Look for the string "then" in the data below, and copy each line that holds it.

Collected data:
++++++++

Lemma supp_interp_sub M Q u : 0 <= u ->
  supp (interp M Q u) \subset supp (Q (Num.truncn u)) :|: supp (Q (Num.truncn u).+1).
Proof.
move=> u0; apply/fintype.subsetP => i /supp_interp[k [_ hk ik]].
by case: (hat_active u0 hk) => <-; rewrite inE ik ?orbT.
Qed.

Lemma realization_interp K M Q u : down_closed K ->
  (forall k, simplex (Q k)) -> (forall a, supp (Q a) :|: supp (Q a.+1) \in K) ->
  0 <= u <= M%:R -> realization R m K (interp M Q u).
Proof.
move=> Kd Qs QK /[dup] uM /andP[u0 _]; apply/realizationP.
by split; [exact: simplex_interp | exact: Kd (supp_interp_sub _ _ u0) (QK _)].
Qed.

End Simplex.

Section TopVertex.
Context {R : realType} {n : nat}.
Local Open Scope ring_scope.
Implicit Types (x : 'rV[R]_n.+1).

Definition top_vertex x : 'I_n.+1 := [arg max_(i > ord0) x ord0 i]%O.

Lemma top_vertex_ge x : simplex x -> n.+1%:R^-1 <= x ord0 (top_vertex x).
Proof.
move=> [_ x1]; rewrite /top_vertex; case: arg_maxP => // j _ jmax.
rewrite -(ler_pM2l (ltr0Sn R n)) mulfV ?pnatr_eq0 // -[leLHS]x1 mulr_natl.
have -> : x ord0 j *+ n.+1 = \sum_(i < n.+1) x ord0 j by rewrite sumr_const card_ord.
by apply: ler_sum => i _; exact: jmax.
Qed.

Lemma top_vertex_supp x : simplex x -> top_vertex x \in supp x.
Proof.
move=> xs; rewrite in_supp gt_eqF //; apply: lt_le_trans (top_vertex_ge xs).
by rewrite invr_gt0 ltr0Sn.
Qed.

End TopVertex.

Section TopologyFacts.
Local Open Scope ring_scope.
Local Open Scope classical_set_scope.

Lemma unit_intervalP {R : realType} (s : R) : unit_interval R s <-> 0 <= s <= 1.
Proof. by rewrite /unit_interval /= in_itv. Qed.

Lemma unit_interval_frac {R : realType} (i N : nat) : (i <= N)%N -> (0 < N)%N ->
  unit_interval R (i%:R / N%:R).
Proof.
move=> iN N0; apply/unit_intervalP; rewrite divr_ge0 ?ler0n //=.
by rewrite ler_pdivrMr ?ltr0n // mul1r ler_nat.
Qed.

Lemma entry_norm_le {K : realFieldType} m n (x : 'M[K]_(m, n)) i j : `|x i j| <= `|x|.
Proof. by rewrite [`|x|]mx_normrE (le_bigmax _ _ (i, j)). Qed.

Lemma cvg_fst_within (T U : topologicalType) (A : set T) (B : set U) (z : T * U) :
  fst @ within (A `*` B) (nbhs z) --> within A (nbhs z.1).
Proof.
case: z => x y /= S /(@cvg_fst _ _ (nbhs x) (nbhs y) _ _) /=.
rewrite /within => -[[P Q] /= [Px Qy] PQ].
by exists (P, Q) => //= -[a b] /= [Pa Qb] [Aa Bb]; exact: (PQ (a, b)).
Qed.

Lemma cvg_within_continuous (T U : topologicalType) (A : set T) (h : T -> U) (z : T) :
  continuous h -> h @ within A (nbhs z) --> h z.
Proof. by move=> hc; apply: cvg_trans (hc z); apply: cvg_fmap2; exact: cvg_within. Qed.

Lemma segment_unif_continuous {R : realType} {V : normedModType R} (f : R -> V) (a b : R) :
  {within `[a, b], continuous f} -> forall e, 0 < e -> exists2 d, 0 < d &
   forall s t, `[a, b] s -> `[a, b] t -> `|s - t| < d -> `|f s - f t| < e.
Proof.
move=> fc e e0; set A := `[a, b] : set R.
have e20 : 0 < e / 2 by rewrite divr_gt0.
pose good (q : R * R) := 0 < q.2 /\
  forall y, A y -> `|q.1 - y| < 2 * q.2 -> `|f q.1 - f y| < e / 2.
have : compact A by exact: segment_compact.
rewrite compact_cover => /(_ _ good (fun q => ball q.1 q.2)) [].
- by move=> q _; exact: ball_open.
- move=> x Ax; have /cvgr_dist_lt/(_ _ e20) := (subspace_continuousP A f).1 fc x Ax.
  rewrite nearE /within /= => /nbhs_ballP[d d0 xd].
  exists (x, d / 2); last by apply: ballxx; rewrite divr_gt0.
  split=> [|y Ay]; first by rewrite /= divr_gt0.
  by rewrite /= mulrC -mulrA mulVf ?mulr1 // => xy; apply: xd.
move=> D' D'good cover.
exists (\big[Order.min/1]_(q <- finmap.enum_fset D') q.2).
  rewrite big_seq_cond; apply: lt_bigmin => // q /andP[qD' _].
  by case: (set_mem (D'good q qD')).
move=> s t As At st.
have [q qD' sq] := cover s As.
have [q0 qgood] := set_mem (D'good q qD').
have dq := ge_bigmin_seq 1 _ xpredT (fun q : R * R => q.2) qD' isT.
have qs : `|q.1 - s| < q.2 by move: sq; rewrite -ball_normE.
have fqs : `|f q.1 - f s| < e / 2 by apply: qgood => //; lra.
have fqt : `|f q.1 - f t| < e / 2.
  by apply: qgood => //; apply: le_lt_trans (ler_distD s _ _) _; lra.
have -> : f s - f t = (f q.1 - f t) - (f q.1 - f s).
  by rewrite opprB [RHS]addrC [RHS]addrA subrK.
by apply: le_lt_trans (ler_normB _ _) _; rewrite (splitr e); apply: ltrD.
Qed.

End TopologyFacts.

Section Realization.
Context {R : realType} {n : nat} (K : {set {set 'I_n.+1}}).
Hypotheses (K_down : down_closed K)
  (K_small : forall s : {set 'I_n.+1}, (#|s| <= 3)%N -> s \in K).
Local Open Scope ring_scope.
Local Open Scope classical_set_scope.
Local Notation X := (realization R n.+1 K).
Local Notation I := (unit_interval R).

Lemma realization_neq0 : X !=set0.
Proof.
exists (delta_mx ord0 ord0); apply/realizationP; split; first exact: simplex_delta.
by rewrite supp_delta; apply: K_small; rewrite cards1.
Qed.

Lemma realization_path x y : X x -> X y ->
  exists g : R -> 'rV[R]_n.+1, {within I, continuous g} /\
    (forall s, I s -> X (g s)) /\ g 0 = x /\ g 1 = y.
Proof.
move=> /realizationP[xs xK] /realizationP[ys yK].
pose Q := nth y [:: x; delta_mx ord0 (top_vertex x); delta_mx ord0 (top_vertex y)].
have Qs k : simplex (Q k).
  case: k => [|[|[|k]]]; rewrite /Q /= ?nth_nil //; exact: simplex_delta.
have QK a : supp (Q a) :|: supp (Q a.+1) \in K.
  case: a => [|[|[|a]]]; rewrite /Q /= ?nth_nil ?supp_delta ?finset.setUid //.
  - by apply: K_down xK; rewrite finset.subUset subxx finset.sub1set top_vertex_supp.
  - by apply: K_small; rewrite (leq_trans (leq_card_setU _ _)) // !cards1.
  - by apply: K_down yK; rewrite finset.subUset subxx finset.sub1set top_vertex_supp.
exists (fun s => interp 3%N Q (3 * s)); split; [|split; [|split]].
- by apply: continuous_subspaceT; exact: interp_continuous.
- move=> s /unit_intervalP/andP[s0 s1]; apply: realization_interp => //.
  by apply/andP; split; lra.
- by rewrite /= mulr0 interp0.
- by rewrite /= mulr1 (interp_nat Q (leqnn 3)).
Qed.

Section LoopContraction.
Variable f : R -> 'rV[R]_n.+1.
Hypotheses (f_cont : {within I, continuous f}) (f_in : forall s, I s -> X (f s))
  (f_loop : f 0 = f 1).

Let p := f 0.

Let I0 : I 0. Proof. by apply/unit_intervalP; rewrite lexx ler01. Qed.

Let f_simplex s : I s -> simplex (f s). Proof. by move/f_in/realizationP => []. Qed.
Let f_face s : I s -> supp (f s) \in K. Proof. by move/f_in/realizationP => []. Qed.
Let p_simplex : simplex p. Proof. exact: f_simplex I0. Qed.

(* [eps] is below the weight of a heaviest vertex of any point of the simplex and
   below every nonzero weight of [p]. *)
Let eps := Num.min n.+1%:R^-1 (\big[Num.min/1]_(i in supp p) p ord0 i).

Let eps_gt0 : 0 < eps.
Proof.
rewrite lt_min invr_gt0 ltr0Sn; apply/bigmin_gtP; split=> // i.
rewrite in_supp => pi; rewrite lt_neqAle eq_sym pi.
by case: p_simplex => p0 _; rewrite p0.
Qed.

Let supp_p_heavy : supp p \subset heavy eps p.
Proof.
apply/fintype.subsetP => i ip; rewrite in_heavy ge_min; apply/orP; right.
exact: bigmin_le_cond.
Qed.

Let top_vertex_heavy (x : 'rV[R]_n.+1) : simplex x -> top_vertex x \in heavy eps x.
Proof. by move=> xs; rewrite in_heavy ge_min top_vertex_ge. Qed.

Let heavy_near : exists2 d, 0 < d & forall s s', I s -> I s' -> `|s - s'| < d ->
  heavy eps (f s') \subset supp (f s).
Proof.
have [d d0 fd] := segment_unif_continuous f_cont eps_gt0.
exists d => // s s' Is Is' ss'; apply/fintype.subsetP => j.
rewrite in_heavy in_supp => fj.
have := le_lt_trans (entry_norm_le (f s - f s') ord0 j) (fd _ _ Is Is' ss').
by rewrite !mxE ltr_norml => /andP[lo _]; rewrite gt_eqF //; lra.
Qed.

Let fine_subdivision : exists2 N, (0 < N)%N & forall s i, I s -> (i <= N)%N ->
  hat (N%:R * s - i%:R) != 0 -> heavy eps (f (i%:R / N%:R)) \subset supp (f s).
Proof.
have [d d0 hd] := heavy_near; set N := (Num.truncn d^-1).+1.
exists N => // s i Is iN /hat_neq0 hi.
apply: hd => //; first exact: unit_interval_frac.
have Nd : 1 < d * N%:R by rewrite -ltr_pdivrMl // mulr1 truncnS_gt.
have -> : s - i%:R / N%:R = (N%:R * s - i%:R) / N%:R by field; rewrite pnatr_eq0.
rewrite normrM normfV normr_nat ltr_pdivrMr ?ltr0n //.
exact: lt_trans hi Nd.
Qed.

Section FixedSubdivision.
Variable N : nat.
Hypotheses (N_gt0 : (0 < N)%N) (N_fine : forall s i, I s -> (i <= N)%N ->
  hat (N%:R * s - i%:R) != 0 -> heavy eps (f (i%:R / N%:R)) \subset supp (f s)).

(* The ends of the subdivision are sent to [p] itself, so that [g] and [c] are loops
   based at [p]. *)
Let endpoint i := (i == 0)%N || (N <= i)%N.
Let w i := if endpoint i then p else delta_mx ord0 (top_vertex (f (i%:R / N%:R))).
Let w' i := if endpoint i then p else delta_mx ord0 (top_vertex p).
Let g s := interp N w (N%:R * s).
Let c s := interp N w' (N%:R * s).

Let w_simplex i : simplex (w i).
Proof. by rewrite /w; case: ifP => _; [exact: p_simplex | exact: simplex_delta]. Qed.

Let w'_simplex i : simplex (w' i).
Proof. by rewrite /w'; case: ifP => _; [exact: p_simplex | exact: simplex_delta]. Qed.

Let scaled_range s : I s -> 0 <= N%:R * s <= N%:R.
Proof.
move=> /unit_intervalP/andP[s0 s1]; rewrite mulr_ge0 ?ler0n //=.
by rewrite ler_piMr ?ler0n.
Qed.

Let f_endpoint i : endpoint i -> (i <= N)%N -> f (i%:R / N%:R) = p.
Proof.
move=> /orP[/eqP-> _|Ni iN]; first by rewrite mul0r.
have -> : i = N by apply/eqP; rewrite eqn_leq iN Ni.
by rewrite divff ?pnatr_eq0 -?lt0n // /p f_loop.
Qed.

Let w_supp s i : I s -> (i <= N)%N -> hat (N%:R * s - i%:R) != 0 ->
  supp (w i) \subset supp (f s).
Proof.
move=> Is iN hi; have fine := N_fine Is iN hi; rewrite /w; case: ifP => ie.
  by rewrite (f_endpoint ie iN) in fine; exact: fintype.subset_trans supp_p_heavy fine.
rewrite supp_delta finset.sub1set; apply: (fintype.subsetP fine).
exact/top_vertex_heavy/f_simplex/unit_interval_frac.
Qed.

Let supp_g s : I s -> supp (g s) \subset supp (f s).
Proof.
move=> Is; apply/fintype.subsetP => j /supp_interp[k [kN hk jk]].
exact: fintype.subsetP (w_supp Is kN hk) _ jk.
Qed.

Let supp_c s : supp (c s) \subset supp p.
Proof.
apply/fintype.subsetP => j /supp_interp[k [_ _]]; rewrite /w'; case: ifP => // _.
by rewrite supp_delta inE => /eqP->; exact: top_vertex_supp p_simplex.
Qed.

(* If an end of the subdivision is active at [s], then supp p lies in supp (f s),
   which contains everything; otherwise only the heaviest vertices at the two ends of
   the current subinterval and [top_vertex p] occur. *)
Let supp_gc s : I s -> supp (g s) :|: supp (c s) \in K.
Proof.
move=> Is; set u := N%:R * s; have /andP[u0 _] := scaled_range Is.
have [/existsP[k /andP[ek hk]]|/existsPn inner] :=
  boolP [exists k : 'I_N.+1, endpoint k && (hat (u - k%:R) != 0)].
  have pf : supp p \subset supp (f s) by have := w_supp Is (leq_ord k) hk; rewrite /w ek.
  apply: K_down (f_face Is); rewrite finset.subUset supp_g //=.
  exact: fintype.subset_trans (supp_c s) pf.
have inner' k : (k <= N)%N -> hat (u - k%:R) != 0 -> ~~ endpoint k.
  by move=> kN hk; have := inner (Ordinal (kN : (k < N.+1)%N)); rewrite /= hk andbT.
set a := Num.truncn u; set vf := fun k => top_vertex (f (k%:R / N%:R)).
apply: K_down (K_small (s := [set vf a; vf a.+1; top_vertex p]) _); last first.
  rewrite (leq_trans (leq_card_setU _ _)) // cards1 addn1 ltnS.
  by rewrite (leq_trans (leq_card_setU _ _)) // !cards1.
rewrite finset.subUset; apply/andP; split; apply/fintype.subsetP => j.
  move=> /supp_interp[k [kN hk]]; rewrite /w (negbTE (inner' k kN hk)).
  rewrite supp_delta inE => /eqP->.
  by case: (hat_active u0 hk) => ->; rewrite !inE eqxx ?orbT.
move=> /supp_interp[k [kN hk]]; rewrite /w' (negbTE (inner' k kN hk)).
by rewrite supp_delta inE => /eqP->; rewrite !inE eqxx ?orbT.
Qed.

++++++++

Output below
Let w i := if endpoint i then p else delta_mx ord0 (top_vertex (f (i%:R / N%:R))).
Let w' i := if endpoint i then p else delta_mx ord0 (top_vertex p).
(* If an end of the subdivision is active at [s], then supp p lies in supp (f s),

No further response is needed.